Saved entries
####

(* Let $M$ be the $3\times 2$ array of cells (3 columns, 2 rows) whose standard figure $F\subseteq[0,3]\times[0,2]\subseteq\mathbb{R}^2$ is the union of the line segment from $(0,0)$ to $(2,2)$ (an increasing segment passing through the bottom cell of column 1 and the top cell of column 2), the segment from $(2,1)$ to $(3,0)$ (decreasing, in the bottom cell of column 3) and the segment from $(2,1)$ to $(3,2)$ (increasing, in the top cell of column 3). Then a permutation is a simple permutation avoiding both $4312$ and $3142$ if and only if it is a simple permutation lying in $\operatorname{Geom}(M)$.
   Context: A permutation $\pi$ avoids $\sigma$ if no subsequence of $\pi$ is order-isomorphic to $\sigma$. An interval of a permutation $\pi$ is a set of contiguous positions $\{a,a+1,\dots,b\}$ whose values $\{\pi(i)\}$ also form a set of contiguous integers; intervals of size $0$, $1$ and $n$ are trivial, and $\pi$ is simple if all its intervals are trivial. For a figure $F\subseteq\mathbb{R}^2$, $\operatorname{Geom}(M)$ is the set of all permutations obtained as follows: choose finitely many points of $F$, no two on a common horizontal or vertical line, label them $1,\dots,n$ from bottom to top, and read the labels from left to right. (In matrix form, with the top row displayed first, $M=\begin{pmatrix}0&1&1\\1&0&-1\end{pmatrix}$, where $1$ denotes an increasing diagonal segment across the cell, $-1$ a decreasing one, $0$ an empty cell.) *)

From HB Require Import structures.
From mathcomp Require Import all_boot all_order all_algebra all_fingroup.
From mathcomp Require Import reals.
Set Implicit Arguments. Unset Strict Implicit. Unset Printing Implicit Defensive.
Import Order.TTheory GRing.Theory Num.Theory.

####

• Task instructions:
From the entries above, copy each line that holds "mathcomp".

• Result of this task:
From mathcomp Require Import all_boot all_order all_algebra all_fingroup.
From mathcomp Require Import reals.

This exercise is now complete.